Monthly Archives: July 2019

Supreme Court Confirms That Student Records Are Not Accessible Under OPRA

The Supreme Court today affirmed the Appellate Division’s opinion that student records are confidential under the pertinent Department of Education regulation. As a result, these records are not publicly accessible under OPRA, even where all information that may reveal the student’s identity has been redacted from the record. L.R. v. Camden City Pub. School Dist.

The Supreme Court split 3-3 in this case, with Justice Fernandez-Vina not participating, meaning that the Appellate Division’s 2017 judgment was affirmed. See this post for a discussion of the Appellate Division opinion.

Appellate Division Declines to Address Whether a Court May Issue Injunctive Relief Against a Requestor Who Submits An Excessive Number of Requests

Trial judges have the ability to issue injunctive relief against requestors who file an unreasonable number of requests. See this post for an example. However, there’s no precedential appellate opinion, under OPRA, that confirms this principle.

The appeal in Teaneck v. Jones appeared to be the case that might generate such an opinion. It involved a requestor who submitted an extraordinarily large number of requests to Teaneck in a short time frame, in an obvious effort to harass the township. Despite this, the trial judge rejected Teaneck’s application for an injunction that would excuse it from answering Jones’ requests.
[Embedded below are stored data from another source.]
(* Let $G$ be a group, $H\le G$, $S$ a right transversal of $H$ in $G$ with induced right loop operation $\circ$, and for $x\in S$, $h\in H$ let $x\theta h$ denote the unique element of $S\cap Hxh$. Let $U$ be a congruence on $(S,\circ)$ with $\{(x,x\theta h): h\in H, x\in S\}\subseteq U$, and let $T$ be the $U$-class of $1$. Then $S/U$ is a group, $N=HT$ is a normal subgroup of $G=HS$, $H\le N$, $N\cap S=T$, and $G/N\cong S/U$.
   Context: For a subgroup $H$ of a group $G$, a right transversal $S$ is a subset containing exactly one element of each right coset $Hg$, with $1\in S$; then $G=HS$. The induced operation: $x\circ y$ is the unique element of $S\cap Hxy$; $(S,\circ)$ is a right loop (two-sided identity, unique solutions of $X\circ a=b$). A congruence on a right loop $S$ is an equivalence relation on $S$ that is a right subloop of $S\times S$ (componentwise operation); if $T$ is the class of $1$, the classes are $T\circ x$ and $S/U=\{T\circ x\}$ has operation $(T\circ x)\circ(T\circ y)=T\circ(x\circ y)$. *)

Set Implicit Arguments.

Section Defs.
Variable G : Type.
Variable mul : G -> G -> G.
Variable inv : G -> G.
Variable one : G.

Definition is_group : Prop :=
  (forall x y z, mul x (mul y z) = mul (mul x y) z) /\
  (forall x, mul one x = x) /\ (forall x, mul x one = x) /\
  (forall x, mul (inv x) x = one) /\ (forall x, mul x (inv x) = one).

Definition is_subgroup (H : G -> Prop) : Prop :=
  H one /\ (forall x y, H x -> H y -> H (mul x y)) /\ (forall x, H x -> H (inv x)).

Definition is_normal_subgroup (N : G -> Prop) : Prop :=
  is_subgroup N /\ (forall g n, N n -> N (mul (mul (inv g) n) g)).

Definition in_rcoset (H : G -> Prop) (g x : G) : Prop := H (mul x (inv g)).

Definition right_transversal (H S : G -> Prop) : Prop :=
  S one /\
  (forall g, exists s, S s /\ in_rcoset H g s) /\
  (forall s s', S s -> S s' -> in_rcoset H s' s -> s = s').

Definition is_induced_op (H S : G -> Prop) (circ : G -> G -> G) : Prop :=
  forall x y, S x -> S y -> S (circ x y) /\ in_rcoset H (mul x y) (circ x y).

Definition is_theta (H S : G -> Prop) (theta : G -> G -> G) : Prop :=
  forall x h, S x -> H h -> S (theta x h) /\ in_rcoset H (mul x h) (theta x h).

(* U is a congruence on the right loop (S, circ): an equivalence relation on S
   which is a right subloop of S x S (contains (1,1), closed under the
   componentwise operation and under componentwise right division). *)
Definition is_congruence (S : G -> Prop) (circ : G -> G -> G)
    (U : G -> G -> Prop) : Prop :=
  (forall x y, U x y -> S x /\ S y) /\
  (forall x, S x -> U x x) /\
  (forall x y, U x y -> U y x) /\
  (forall x y z, U x y -> U y z -> U x z) /\
  U one one /\
  (forall a a' b b', U a a' -> U b b' -> U (circ a b) (circ a' b')) /\
  (forall a a' b b' X X', U a a' -> U b b' -> S X -> S X' ->
      circ X a = b -> circ X' a' = b' -> U X X').

Definition class_one (U : G -> G -> Prop) : G -> Prop := fun t => U one t.

Definition setmul (A B : G -> Prop) : G -> Prop :=
  fun g => exists a b, A a /\ B b /\ g = mul a b.

(* S/U (classes of U with the induced operation) is a group; elements of S/U
   are represented by elements of S, equality in S/U being U. *)
Definition quotient_loop_is_group (S : G -> Prop) (circ : G -> G -> G)
    (U : G -> G -> Prop) : Prop :=
  (forall x x' y y', U x x' -> U y y' -> U (circ x y) (circ x' y')) /\
  (forall x y z, S x -> S y -> S z ->
      U (circ (circ x y) z) (circ x (circ y z))) /\
  (forall x, S x -> U (circ one x) x /\ U (circ x one) x) /\
  (forall x, S x -> exists y, S y /\ U (circ x y) one /\ U (circ y x) one).

(* G/N is isomorphic to S/U: there is a map f : G -> S inducing a well-defined
   bijective homomorphism from the cosets of N onto the U-classes. *)
Definition quotients_isomorphic (N S : G -> Prop) (circ : G -> G -> G)
    (U : G -> G -> Prop) : Prop :=
  exists f : G -> G,
    (forall g, S (f g)) /\
    (forall g1 g2, N (mul g1 (inv g2)) <-> U (f g1) (f g2)) /\
    (forall g1 g2, U (f (mul g1 g2)) (circ (f g1) (f g2))) /\
    (forall s, S s -> exists g, U (f g) s).

End Defs.

From Stdlib Require Import ClassicalEpsilon.

Set Implicit Arguments.

(* Choosing for every g
   the unique element [rep g] of S in the coset H g gives a map G -> S which
   is constant on right cosets of H and satisfies rep (a b) = rep (rep a * b);
   both the loop operation x o y = rep (x y) and x theta h = rep (x h) are
   values of this map.  If the congruence U contains every pair (x, x theta h),
   then rep becomes a homomorphism up to U:
        rep (a b)  U  rep a o rep b.                          (rep_morphism)
   Everything else follows from this single fact: S/U inherits associativity
   and inverses from G, the kernel  N = H T  is exactly {g | U 1 (rep g)}, so
   it is a normal subgroup containing H with N /\ S = T, and rep induces the
   isomorphism G/N ~ S/U, injectivity coming from right division in S/U. *)

Section TransversalQuotient.

Variables (G : Type) (mul : G -> G -> G) (inv : G -> G) (one : G).
Variables (H S : G -> Prop) (circ theta : G -> G -> G) (U : G -> G -> Prop).
Hypothesis group_G : is_group mul inv one.

Lemma mulA x y z : mul x (mul y z) = mul (mul x y) z.
Proof. destruct group_G as (assoc & _). apply assoc. Qed.

Lemma mul1g x : mul one x = x.
Proof. destruct group_G as (_ & left_id & _). apply left_id. Qed.

Lemma mulg1 x : mul x one = x.
Proof. destruct group_G as (_ & _ & right_id & _). apply right_id. Qed.

Lemma mulVg x : mul (inv x) x = one.
Proof. destruct group_G as (_ & _ & _ & left_inv & _). apply left_inv. Qed.

Lemma mulgV x : mul x (inv x) = one.
Proof. destruct group_G as (_ & _ & _ & _ & right_inv). apply right_inv. Qed.

Lemma inv_unique x y : mul x y = one -> y = inv x.
Proof. intros E. rewrite <- (mul1g y), <- (mulVg x), <- mulA, E, mulg1. reflexivity. Qed.

Lemma inv_mul a b : inv (mul a b) = mul (inv b) (inv a).
Proof.
  symmetry. apply inv_unique.
  rewrite <- mulA, (mulA b), mulgV, mul1g, mulgV. reflexivity.
Qed.

Lemma inv_inv a : inv (inv a) = a.
Proof. symmetry. apply inv_unique, mulVg. Qed.

Lemma mulgVK a b : mul (mul a (inv b)) b = a.
Proof. rewrite <- mulA, mulVg, mulg1. reflexivity. Qed.

Lemma inv_rdiv a b : inv (mul a (inv b)) = mul b (inv a).
Proof. rewrite inv_mul, inv_inv. reflexivity. Qed.

Lemma rdiv_trans a b c : mul (mul a (inv b)) (inv (mul c (inv b))) = mul a (inv c).
Proof. rewrite inv_rdiv, mulA, mulgVK. reflexivity. Qed.

Hypothesis subgroup_H : is_subgroup mul inv one H.
Hypothesis transversal_S : right_transversal mul inv one H S.

Lemma coset_meets_S g : exists s, S s /\ in_rcoset mul inv H g s.
Proof. destruct transversal_S as (_ & meets & _). apply meets. Qed.

Definition rep (g : G) : G :=
  proj1_sig (constructive_indefinite_description _ (coset_meets_S g)).

Lemma rep_spec g : S (rep g) /\ H (mul (rep g) (inv g)).
Proof. exact (proj2_sig (constructive_indefinite_description _ (coset_meets_S g))). Qed.

Lemma rep_S g : S (rep g).
Proof. exact (proj1 (rep_spec g)). Qed.

Lemma rep_coset g : H (mul (rep g) (inv g)).
Proof. exact (proj2 (rep_spec g)). Qed.

Lemma H_one : H one.
Proof. destruct subgroup_H as (one_in & _). exact one_in. Qed.

Lemma H_mul x y : H x -> H y -> H (mul x y).
Proof. destruct subgroup_H as (_ & mul_closed & _). apply mul_closed. Qed.

Lemma H_inv x : H x -> H (inv x).
Proof. destruct subgroup_H as (_ & _ & inv_closed). apply inv_closed. Qed.

Lemma rep_unique g s : S s -> H (mul s (inv g)) -> rep g = s.
Proof.
  intros Ss Hs. destruct transversal_S as (_ & _ & unique).
  apply unique; [apply rep_S | exact Ss |].
  unfold in_rcoset. rewrite <- (rdiv_trans (rep g) g s).
  apply H_mul; [apply rep_coset | apply H_inv, Hs].
Qed.

Lemma rep_id s : S s -> rep s = s.
Proof. intros Ss. apply rep_unique; [exact Ss |]. rewrite mulgV. exact H_one. Qed.

Lemma rep_Hmul h g : H h -> rep (mul h g) = rep g.
Proof.
  intros Hh. apply rep_unique; [apply rep_S |].
  rewrite inv_mul, mulA. apply H_mul; [apply rep_coset | apply H_inv, Hh].
Qed.

Lemma rep_decomp g : exists k, H k /\ g = mul k (rep g).
Proof.
  exists (inv (mul (rep g) (inv g))). split; [apply H_inv, rep_coset |].
  rewrite inv_rdiv, mulgVK. reflexivity.
Qed.

Lemma rep_mul_l a b : rep (mul a b) = rep (mul (rep a) b).
Proof.
  destruct (rep_decomp a) as [k [Hk Ea]].
  rewrite Ea at 1. rewrite <- mulA. apply rep_Hmul, Hk.
Qed.

Hypothesis induced_circ : is_induced_op mul inv H S circ.
Hypothesis theta_spec : is_theta mul inv H S theta.

Lemma circ_rep x y : S x -> S y -> circ x y = rep (mul x y).
Proof.
  intros Sx Sy. destruct (induced_circ Sx Sy). symmetry. apply rep_unique; assumption.
Qed.

Lemma theta_rep x h : S x -> H h -> theta x h = rep (mul x h).
Proof.
  intros Sx Hh. destruct (theta_spec Sx Hh). symmetry. apply rep_unique; assumption.
Qed.

Hypothesis congruence_U : is_congruence one S circ U.
Hypothesis theta_in_U : forall x h, S x -> H h -> U x (theta x h).

Notation N := (setmul mul H (class_one one U)).

Lemma U_in_S x y : U x y -> S y.
Proof. destruct congruence_U as (in_S & _). apply (in_S x y). Qed.

Lemma U_refl x : S x -> U x x.
Proof. destruct congruence_U as (_ & refl & _). apply refl. Qed.

Lemma U_sym x y : U x y -> U y x.
Proof. destruct congruence_U as (_ & _ & sym & _). apply sym. Qed.

Lemma U_trans x y z : U x y -> U y z -> U x z.
Proof. destruct congruence_U as (_ & _ & _ & trans & _). apply trans. Qed.

Lemma U_circ a a' b b' : U a a' -> U b b' -> U (circ a b) (circ a' b').
Proof. destruct congruence_U as (_ & _ & _ & _ & _ & compat & _). apply compat. Qed.

(* Right cancellation in S/U, a consequence of unique right division. *)
Lemma U_cancel_r X X' a : S X -> S X' -> S a -> U (circ X a) (circ X' a) -> U X X'.
Proof.
  intros SX SX' Sa E.
  destruct congruence_U as (_ & _ & _ & _ & _ & _ & division).
  exact (division a a (circ X a) (circ X' a) X X' (U_refl Sa) E SX SX' eq_refl eq_refl).
Qed.

Lemma S_one : S one.
Proof. destruct transversal_S as (one_in & _). exact one_in. Qed.

Lemma rep_one : rep one = one.
Proof. apply rep_id, S_one. Qed.

Lemma circ1x x : S x -> circ one x = x.
Proof. intros Sx. rewrite (circ_rep S_one Sx), mul1g. apply rep_id, Sx. Qed.

Lemma circx1 x : S x -> circ x one = x.
Proof. intros Sx. rewrite (circ_rep Sx S_one), mulg1. apply rep_id, Sx. Qed.

(* The key fact: rep is a homomorphism G -> S/U.  Writing b = k rep b with
   k in H, we get rep (a b) = (rep a theta k) o rep b, and rep a theta k is
   U-equivalent to rep a by hypothesis. *)
Lemma rep_morphism a b : U (rep (mul a b)) (circ (rep a) (rep b)).
Proof.
  destruct (rep_decomp b) as [k [Hk Eb]].
  assert (Sa : S (rep a)) by apply rep_S.
  assert (E : rep (mul a b) = circ (theta (rep a) k) (rep b)).
  { transitivity (rep (mul (rep (mul (rep a) k)) (rep b))).
    - rewrite <- rep_mul_l, <- mulA, <- Eb. apply rep_mul_l.
    - rewrite <- (theta_rep Sa Hk). symmetry.
      apply circ_rep; [apply (theta_spec Sa Hk) | apply rep_S]. }
  rewrite E. apply U_circ; [apply U_sym, theta_in_U; auto | apply U_refl, rep_S].
Qed.

Lemma kernel_spec g : N g <-> U one (rep g).
Proof.
  split.
  - intros [h [t [Hh [Tt E]]]]. subst g.
    rewrite rep_Hmul, (rep_id (U_in_S Tt)) by exact Hh. exact Tt.
  - intros E. destruct (rep_decomp g) as [k [Hk Ek]].
    exists k, (rep g). auto.
Qed.

Lemma kernel_absorb_r a n : N n -> U (rep (mul a n)) (rep a).
Proof.
  intros Nn. apply kernel_spec in Nn.
  apply (U_trans (rep_morphism a n)). rewrite <- (circx1 (rep_S a)) at 2.
  apply U_circ; [apply U_refl, rep_S | apply U_sym, Nn].
Qed.

Lemma kernel_absorb_l n a : N n -> U (rep (mul n a)) (rep a).
Proof.
  intros Nn. apply kernel_spec in Nn.
  apply (U_trans (rep_morphism n a)). rewrite <- (circ1x (rep_S a)) at 2.
  apply U_circ; [apply U_sym, Nn | apply U_refl, rep_S].
Qed.

Lemma rep_inverse_l x : U (circ (rep (inv x)) (rep x)) one.
Proof. apply U_sym. rewrite <- rep_one, <- (mulVg x). apply rep_morphism. Qed.

Lemma rep_inverse_r x : U (circ (rep x) (rep (inv x))) one.
Proof. apply U_sym. rewrite <- rep_one, <- (mulgV x). apply rep_morphism. Qed.

(* S/U is a group: associativity is transported from G through rep. *)
Theorem quotient_is_group : quotient_loop_is_group one S circ U.
Proof.
  split; [exact U_circ | split; [| split]].
  - intros x y z Sx Sy Sz.
    rewrite (circ_rep Sx Sy), (circ_rep (rep_S _) Sz), (circ_rep Sy Sz).
    rewrite <- rep_mul_l, <- mulA.
    rewrite <- (rep_id Sx) at 2. apply rep_morphism.
  - intros x Sx. rewrite circ1x, circx1 by exact Sx. split; apply U_refl, Sx.
  - intros x Sx. exists (rep (inv x)). split; [apply rep_S | split].
    + rewrite <- (rep_id Sx) at 1. apply rep_inverse_r.
    + rewrite <- (rep_id Sx) at 2. apply rep_inverse_l.
Qed.

(* N = H T is a normal subgroup of G: by kernel_spec it is the preimage of
   the identity class under the homomorphism rep. *)
Theorem kernel_normal : is_normal_subgroup mul inv one N.
Proof.
  split; [split; [| split] |].
  - apply kernel_spec. rewrite rep_one. apply U_refl, S_one.
  - intros x y Nx Ny. apply kernel_spec. apply kernel_spec in Nx.
    exact (U_trans Nx (U_sym (kernel_absorb_r x Ny))).
  - intros x Nx. apply kernel_spec.
    pose proof (kernel_absorb_r (inv x) Nx) as E. rewrite mulVg, rep_one in E. exact E.
  - intros g n Nn. apply kernel_spec.
    apply (U_trans (U_sym (rep_inverse_l g))), U_sym.
    apply (U_trans (rep_morphism _ _)), U_circ; [apply kernel_absorb_r, Nn | apply U_refl, rep_S].
Qed.

Lemma H_sub_kernel h : H h -> N h.
Proof.
  intros Hh. exists h, one. rewrite mulg1.
  split; [exact Hh | split; [apply U_refl, S_one | reflexivity]].
Qed.

Lemma kernel_meet_S s : N s /\ S s <-> class_one one U s.
Proof.
  rewrite kernel_spec. split.
  - intros [E Ss]. rewrite (rep_id Ss) in E. exact E.
  - intros E. assert (Ss : S s) by exact (U_in_S E).
    rewrite (rep_id Ss). exact (conj E Ss).
Qed.

(* rep induces an isomorphism from G/N onto S/U; it is injective on cosets
   of N because S/U admits right cancellation. *)
Theorem rep_isomorphism : quotients_isomorphic mul inv N S circ U.
Proof.
  exists rep. split; [apply rep_S | split; [| split]].
  - intros g1 g2. split.
    + intros E. rewrite <- (mulgVK g1 g2) at 1. apply kernel_absorb_l, E.
    + intros E. apply kernel_spec, U_sym.
      apply (U_cancel_r (rep_S _) S_one (rep_S g2)).
      rewrite circ1x by apply rep_S.
      apply (U_trans (U_sym (rep_morphism _ _))). rewrite mulgVK. exact E.
  - exact rep_morphism.
  - intros s Ss. exists s. rewrite (rep_id Ss). apply U_refl, Ss.
Qed.

End TransversalQuotient.

Theorem mainTheorem8 (G : Type) (mul : G -> G -> G) (inv : G -> G) (one : G)
  (H S : G -> Prop) (circ theta : G -> G -> G) (U : G -> G -> Prop) :
  is_group mul inv one ->
  is_subgroup mul inv one H ->
  right_transversal mul inv one H S ->
  is_induced_op mul inv H S circ ->
  is_theta mul inv H S theta ->
  is_congruence one S circ U ->
  (forall x h, S x -> H h -> U x (theta x h)) ->
  quotient_loop_is_group one S circ U /\
  is_normal_subgroup mul inv one (setmul mul H (class_one one U)) /\
  (forall h, H h -> setmul mul H (class_one one U) h) /\
  (forall s, (setmul mul H (class_one one U) s /\ S s) <-> class_one one U s) /\
  quotients_isomorphic mul inv (setmul mul H (class_one one U)) S circ U.
Proof.
  intros group_G subgroup_H transversal_S induced_circ theta_spec congruence_U theta_in_U.
  split; [| split; [| split; [| split]]].
  - eapply quotient_is_group; eassumption.
  - eapply kernel_normal; eassumption.
  - intros h. eapply H_sub_kernel; eassumption.
  - intros s. eapply kernel_meet_S; eassumption.
  - eapply rep_isomorphism; eassumption.
Qed.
Teaneck appealed, but the Appellate Division, in an unpublished opinion issued today, declined to address the injunction issue because it was moot. The opinion indicates that after the trial judge’s ruling, the requestor and Teaneck worked out a resolution, and the Township answered a number of Jones’ requests. As a result, the appellate court said it could grant no effective relief by deciding whether an injunction should have been issued.